A distinguishing feature of the emerging 21st century digital learning ecosystem is sharing.  Like the Web itself which was built and created with open source software, such as Linux, Apache, and WordPress (what we use!) and collaboratively-developed, openly shared technology standards such as HTML, CSS, and HTTP protocols, open learning is built on sharing.

A first step toward sharing is the adoption and sharing of OER, Open Educational Resources.  OER’s are so important that LCC has a separate project devoted to OER adoption. But education and learning is more than just textbooks and written resources.

cte-ideasbank

The CTE Ideasbank

The Open Learn Lab is actively developing websites that facilitate sharing ideas. One of the more interesting sites is the CTE Ideas Bank for sharing teaching ideas and techniques for teaching using the LCC Performing Arts or OneBook LCC program or the ideas for inclusion. The Ideasbank enables faculty to share, find, and discover techniques for better teaching.

ctl-oer

The CTL OER Sharing Site

Another site we’ve developed is for the Center for Transitional Learning.  Research showed there are relatively few OER repositories and resources for developmental and transitional learning faculty. They’re difficult to find, which in practical terms puts them beyond the reach of many faculty, particularly adjunct faculty, who simply don’t have the time to research and find the.  Amy Larson of the LCC Center for Transitional Learning has done the research and assembled a repository of over 100 different OER resources for Transitional Learning.  We helped Amy develop a site to facilitate sharing these ideas and resources with faculty.

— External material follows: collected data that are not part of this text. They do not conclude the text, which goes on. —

Lemma pairwise_flatten_nseq (T : eqType) (r : rel T) (f : T -> nat) (s : seq T) :
  reflexive r -> pairwise r s -> pairwise r (flatten [seq nseq (f x) x | x <- s]).
Proof.
move=> r_refl; elim: s => //= x s IHs /andP[rx rs]; rewrite pairwise_cat IHs // andbT.
apply/andP; split.
  apply/allrelP => _ _ /nseqP[-> _] /flatten_mapP[y ys /nseqP[-> _]].
  exact: (allP rx).
by elim: (f x) => //= k ->; rewrite andbT; apply/allP => _ /nseqP[-> _].
Qed.

Lemma count_mem_flatten_nseq (T : eqType) (f : T -> nat) (s : seq T) (x : T) :
  uniq s -> count_mem x (flatten [seq nseq (f y) y | y <- s]) = (x \in s) * f x.
Proof.
elim: s => //= y s IHs /andP[ys uniq_s]; rewrite count_cat count_nseq IHs // in_cons.
by rewrite /= eq_sym; have [<-|_] := eqVneq y x; rewrite ?(negbTE ys) ?mul1n ?addn0.
Qed.

Lemma flatten_allpairs (A B C : Type) (h : A * B -> seq C) (s : seq A) (t : seq B) :
  flatten [seq flatten [seq h (x, y) | y <- t] | x <- s] =
  flatten [seq h z | z <- [seq (x, y) | x <- s, y <- t]].
Proof. by elim: s => //= x s ->; rewrite map_cat flatten_cat -map_comp. Qed.

Lemma all_zip (S T : Type) (a1 : pred S) (a2 : pred T) (s : seq S) (t : seq T) :
  all a1 s -> all a2 t -> all (fun z => a1 z.1 && a2 z.2) (zip s t).
Proof.
by elim: s t => [|x s IHs] [|y t] //= /andP[-> /IHs a1s] /andP[-> /a1s].
Qed.

Lemma pairwise_zip (S T : Type) (r1 : rel S) (r2 : rel T) (s : seq S) (t : seq T) :
  pairwise r1 s -> pairwise r2 t ->
  pairwise (fun z z' => r1 z.1 z'.1 && r2 z.2 z'.2) (zip s t).
Proof.
elim: s t => [|x s IHs] [|y t] //= /andP[r1x r1s] /andP[r2y r2t].
rewrite IHs // andbT.
by apply: (all_zip (a1 := r1 x) (a2 := r2 y)).
Qed.

Lemma sum_count_mem_fst (T : eqType) (J : finType) (P : pred J) (s : seq (T * J)) (x : T) :
  all (fun z => P z.2) s ->
  \sum_(j | P j) count_mem (x, j) s = count_mem x [seq z.1 | z <- s].
Proof.
elim: s => [|[y j] s IHs] /=; first by rewrite big1.
move=> /andP[Pj /IHs <-]; rewrite big_split /=; congr (_ + _).
rewrite (bigD1 j) //= big1 ?addn0 => [|k /andP[_ kj]]; first by rewrite xpair_eqE eqxx andbT.
by rewrite xpair_eqE [j == k]eq_sym (negbTE kj) andbF.
Qed.

Lemma sum_count_mem_snd (I : finType) (T : eqType) (P : pred I) (s : seq (I * T)) (x : T) :
  all (fun z => P z.1) s ->
  \sum_(i | P i) count_mem (i, x) s = count_mem x [seq z.2 | z <- s].
Proof.
move=> Ps; have := @sum_count_mem_fst T I P [seq (z.2, z.1) | z <- s] x.
rewrite all_map -map_comp => <- //; apply: eq_bigr => i _.
by rewrite count_map; apply: eq_count => -[? ?]; rewrite /= !xpair_eqE andbC.
Qed.

Lemma perm_on_tperm_ind (T : finType) (A : {set T}) (Pr : {perm T} -> Prop) :
  Pr 1%g ->
  (forall s x y, x \in A -> y \in A -> x != y -> Pr s -> Pr (s * tperm x y)%g) ->
  forall s, perm_on A s -> Pr s.
Proof.
move=> Pr1 PrM; suff PrB k (B : {set T}) (s : {perm T}) :
  B \subset A -> #|B| <= k -> perm_on B s -> Pr s by move=> s; apply: PrB.
elim: k B s => [|k IHk] B s sBA cardB sB.
  by rewrite (perm_on_id sB) // (leq_trans cardB).
have [B0|[x xB]] := set_0Vmem B; first by rewrite (perm_on_id sB) // B0 cards0.
have sBxA : B :\ x \subset A by apply: subset_trans sBA; apply: subsetDl.
have cardBx : #|B :\ x| <= k by move: cardB; rewrite (cardsD1 x B) xB.
have [sxx|nsxx] := eqVneq (s x) x.
  apply: IHk sBxA cardBx _; apply/subsetP => z; rewrite !inE => szz.
  by rewrite (subsetP sB) ?andbT //; apply: contraNneq szz => ->; apply/eqP.
set s' := (s * tperm x (s x))%g.
have -> : s = (s' * tperm x (s x))%g by rewrite -mulgA tperm2 mulg1.
have sxB : s x \in B by rewrite perm_closed.
apply: PrM; [exact: (subsetP sBA) | exact: (subsetP sBA) | by rewrite eq_sym |].
apply: IHk sBxA cardBx _; apply/subsetP => z; rewrite !inE => s'z.
apply/andP; split.
  by apply: contraNneq s'z => ->; rewrite permM tpermR.
have tB : perm_on B (tperm x (s x)).
  by apply: subset_trans (tperm_on _ _) _; apply/subsetP => w; rewrite !inE => /orP[]/eqP->.
by apply: (subsetP (perm_onM sB tB)); rewrite inE.
Qed.

Section ArcConditions.
Variable n : nat.
Implicit Type a : {ffun 'I_n.+1 * 'I_n.+1 -> nat}.

Definition arcs_sym a := forall P Q, a (P, Q) = a (Q, P).
Definition arcs_loopless a := forall P, a (P, P) = 0.
Definition noncrossing a := forall P Q R T : 'I_n.+1,
  P < Q -> Q < R -> R < T -> a (P, R) = 0 \/ a (Q, T) = 0.
Definition valence a (P : 'I_n.+1) := \sum_(Q < n.+1) a (P, Q).

End ArcConditions.

Section Reflection.
Variables (n p q : nat).
Hypotheses (lt_pq : p < q) (le_qn : q <= n).
Local Notation I := 'I_n.+1.
Local Notation ins := (@inside n p q).
Local Notation rf := (@refl n p q).
Local Notation arcs := {ffun I * I -> nat}.
Implicit Type a : arcs.

Lemma val_refl (i : I) : rf i = (if ins i then p + q - i else i) :> nat.
Proof. by rewrite /refl; case: ifP => // /andP[pi iq]; rewrite inordK //; lia. Qed.

Lemma inside_refl (i : I) : ins (rf i) = ins i.
Proof. by rewrite /inside val_refl /inside; case: ifP => // /andP[pi iq]; apply/andP; lia. Qed.

Lemma reflK : involutive rf.
Proof.
move=> i; apply: ord_inj; rewrite !val_refl inside_refl.
by case hi: (ins i) => //; move/andP: hi => pi_iq; lia.
Qed.

Lemma refl_inj : injective rf. Proof. exact: inv_inj reflK. Qed.

Lemma refl_out (i : I) : ~~ ins i -> rf i = i.
Proof. by rewrite /refl => /negbTE ->. Qed.

Lemma mem_innerL (i : I) : (i \in innerL n p q) = ins i.
Proof.
apply/mapP/idP => [[k] | /andP[pi iq]].
  by rewrite mem_iota => /andP[pk kq] ->; rewrite /inside inordK; lia.
by exists (i : nat); rewrite ?inord_val // mem_iota; lia.
Qed.

Lemma uniq_innerL : uniq (innerL n p q).
Proof.
rewrite map_inj_in_uniq ?iota_uniq // => k1 k2; rewrite !mem_iota => k1pq k2pq /(congr1 (@nat_of_ord _)).
by rewrite /= !inordK; lia.
Qed.

Lemma mem_outerL (i : I) : (i \in outerL n p q) = ~~ ins i.
Proof.
apply/mapP/idP => [[k] | out_i].
  by rewrite mem_cat !mem_rev !mem_iota => k_out ->; rewrite /inside inordK; lia.
exists (i : nat); rewrite ?inord_val // mem_cat !mem_rev !mem_iota.
by move: out_i (ltn_ord i); rewrite /inside; lia.
Qed.

Lemma uniq_outerL : uniq (outerL n p q).
Proof.
rewrite map_inj_in_uniq => [|k1 k2].
  rewrite cat_uniq !rev_uniq !iota_uniq /= andbT; apply/hasPn => k.
  by rewrite !mem_rev !mem_iota => k_gt_q; lia.
rewrite !mem_cat !mem_rev !mem_iota => k1_out k2_out /(congr1 (@nat_of_ord _)).
by rewrite !inordK; lia.
Qed.

(* Position of an outer point along the chord, counted from its p-end:
   p-1, ..., 1, 0, n, ..., q+1 get the ranks 1, 2, .... *)
Definition chord_rank (o : I) : nat := if o < p then p - o else p + n.+1 - o.

Lemma chord_rank_inj : injective chord_rank.
Proof.
move=> o o'; have := ltn_ord o; have := ltn_ord o'; rewrite /chord_rank.
by case: ifP => o_p; case: ifP => o'_p lt_o' lt_o ranks; apply: ord_inj; lia.
Qed.

Lemma pairwise_innerL : pairwise (fun i j : I => i < j) (innerL n p q).
Proof.
rewrite pairwise_map; apply: pairwise_iota => k1 k2; rewrite !mem_iota /= => k1pq k2pq lt_k.
by rewrite !inordK; lia.
Qed.

Lemma pairwise_outerL :
  pairwise (fun o o' => chord_rank o < chord_rank o') (outerL n p q).
Proof.
rewrite pairwise_map pairwise_cat !pairwise_rev.
apply/and3P; split; [apply/allrelP | apply: pairwise_iota | apply: pairwise_iota].
all: move=> k1 k2; rewrite ?mem_rev !mem_iota /= => k1_in k2_in *.
all: rewrite /chord_rank !inordK; try lia.
all: by case: ifP => c1; case: ifP => c2; lia.
Qed.

Definition cross_le (z z' : I * I) : bool :=
  (z.1 < z'.1) || (z.1 == z'.1 :> nat) && (chord_rank z.2 <= chord_rank z'.2).

Lemma cross_le_refl : reflexive cross_le.
Proof. by move=> z; rewrite /cross_le eqxx leqnn orbT. Qed.

Lemma cross_le_trans : transitive cross_le.
Proof. by move=> z' z z''; rewrite /cross_le; lia. Qed.

Lemma cross_le_anti : antisymmetric cross_le.
Proof.
move=> [i o] [i' o']; rewrite /cross_le /= => le_zz'.
have -> : i = i' by apply: ord_inj; lia.
by have /chord_rank_inj -> : chord_rank o = chord_rank o' by lia.
Qed.

Local Notation chord_pairs := [seq (i, o) | i <- innerL n p q, o <- outerL n p q].

Lemma crossingE a : crossing p q a = flatten [seq nseq (a z) z | z <- chord_pairs].
Proof. exact: (flatten_allpairs (fun z => nseq (a z) z)). Qed.

Lemma count_crossing a z :
  count_mem z (crossing p q a) = (ins z.1 && ~~ ins z.2) * a z.
Proof.
rewrite crossingE count_mem_flatten_nseq; last first.
  by rewrite allpairs_uniq ?uniq_innerL ?uniq_outerL // => -[? ?] [? ?].
congr (nat_of_bool _ * _); apply/allpairsP/andP => [[[i o] [/= iL oL ->]]|[zin zout]].
  by rewrite -mem_innerL -mem_outerL iL oL.
by exists z; rewrite mem_innerL mem_outerL; split => //; case: z {zin zout}.
Qed.

Lemma mem_crossing a z :
  z \in crossing p q a -> [/\ ins z.1, ~~ ins z.2 & 0 < a z].
Proof.
rewrite -has_pred1 has_count count_crossing.
by case: (ins z.1); case: (ins z.2) => //=; rewrite mul1n.
Qed.

Lemma pairwise_crossing a : pairwise cross_le (crossing p q a).
Proof.
rewrite crossingE; apply: pairwise_flatten_nseq cross_le_refl _.
elim: (innerL n p q) pairwise_innerL => //= i I' IHi /andP[lt_i pw_I].
rewrite pairwise_cat IHi // andbT; apply/andP; split.
  apply/allrelP => _ _ /mapP[o _ ->] /allpairsP[[j o'] /= [jI _ ->]].
  by rewrite /cross_le /= (allP lt_i).
rewrite pairwise_map; apply: sub_pairwise pairwise_outerL => o o' lt_o.
by rewrite /cross_le /= ltnn eqxx ltnW.
Qed.

(* Two crossing arcs with inner ends i < i' reach the chord in the order of
   their inner ends; otherwise they would cross inside the disc. *)
Lemma pairwise_chord_rank a : arcs_sym a -> noncrossing a ->
  pairwise (fun o o' => chord_rank o <= chord_rank o') [seq z.2 | z <- crossing p q a].
Proof.
move=> sym_a nc_a; rewrite pairwise_map.
have cross (P Q R T : I) : P < Q -> Q < R -> R < T -> 0 < a (P, R) -> 0 < a (Q, T) -> False.
  by move=> PQ QR RT; case: (nc_a P Q R T PQ QR RT) => ->.
apply: (sub_in_pairwise (P := mem (crossing p q a)) (r := cross_le)) (pairwise_crossing a); last exact/allP.
move=> [i o] [i' o'] /mem_crossing[/= i_in o_out a_io] /mem_crossing[/= i'_in o'_out a_io'].
rewrite /cross_le /= => /orP[lt_i|/andP[_ //]].
have a_oi : 0 < a (o, i) by rewrite sym_a.
have a_oi' : 0 < a (o', i') by rewrite sym_a.
rewrite leqNgt; apply/negP; move: i_in i'_in o_out o'_out; rewrite /inside /chord_rank.
have := ltn_ord o; have := ltn_ord o'.
case: ifP => o'_p; case: ifP => o_p lt_o' lt_o i_in i'_in o_out o'_out lt_rank; try lia.
- by apply: (cross o o' i i') => //; lia.
- by apply: (cross o' i i' o) => //; lia.
- by apply: (cross i i' o o') => //; lia.
Qed.

Lemma crossing'_fst a :
  [seq z.1 | z <- crossing' p q a] = [seq rf z.1 | z <- rev (crossing p q a)].
Proof. by rewrite /crossing' -/(unzip1 _) unzip1_zip // !size_map size_rev. Qed.

Lemma crossing'_snd a :
  [seq z.2 | z <- crossing' p q a] = [seq z.2 | z <- crossing p q a].
Proof. by rewrite /crossing' -/(unzip2 _) unzip2_zip // !size_map size_rev. Qed.

Lemma crossing'E a :
  crossing' p q a = zip [seq z.1 | z <- crossing' p q a] [seq z.2 | z <- crossing' p q a].
Proof. exact/esym/zip_unzip. Qed.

The DS106 MOOC Digital Storytelling site

The DS106 Digital Storytelling MOOC site

The basis of these sharing sites is an assignment bank-oriented WordPress site/theme that was developed by University of Mary Washington for the DS106 Digital Storytelling MOOC (Massively Open Online Course).  DS106 is one of the original connectivist MOOC’s that started the MOOC movement.  We’ve taken the DS106 theme (open sourced software for WordPress) and adapted it to LCC faculty needs.

Future Directions

The Open Learn Lab is working on two evolutions/directions for sharing oriented sites.  One idea is to adapt the CTE Ideasbank into smaller program-specific ideas banks where faculty in each program can discuss and share ideas and techniques for teaching particular topics, exercises, problems, outcomes, etc.  We’re looking at then connecting these sites (the technical term is syndication) so the ideas then feed into and are discoverable from the main CTE Ideasbank hub.  At the same time, each program ideas bank could be combined with a social-oriented private discussion site where faculty within a program can engage in both synchronous and asynchronous discussion of how to teach.  It’s not a replacement for meetings, but could leverage face-to-face meetings and help engage more adjunct faculty.

A second experimental direction is the creation of a crowd-sourced micro-tutorials and how-to pages or explanations.  Such sites would be based on the “choral explanations” concept of Mike Caulfield of Washington State University.  We’re initially trying to experiment with the concept for a help site for users of the OpenLCC.net sites.  But the concept could be expanded to student- and faculty-created FAQ sites, glossaries, and micro-tutorials/explanations for course subjects too.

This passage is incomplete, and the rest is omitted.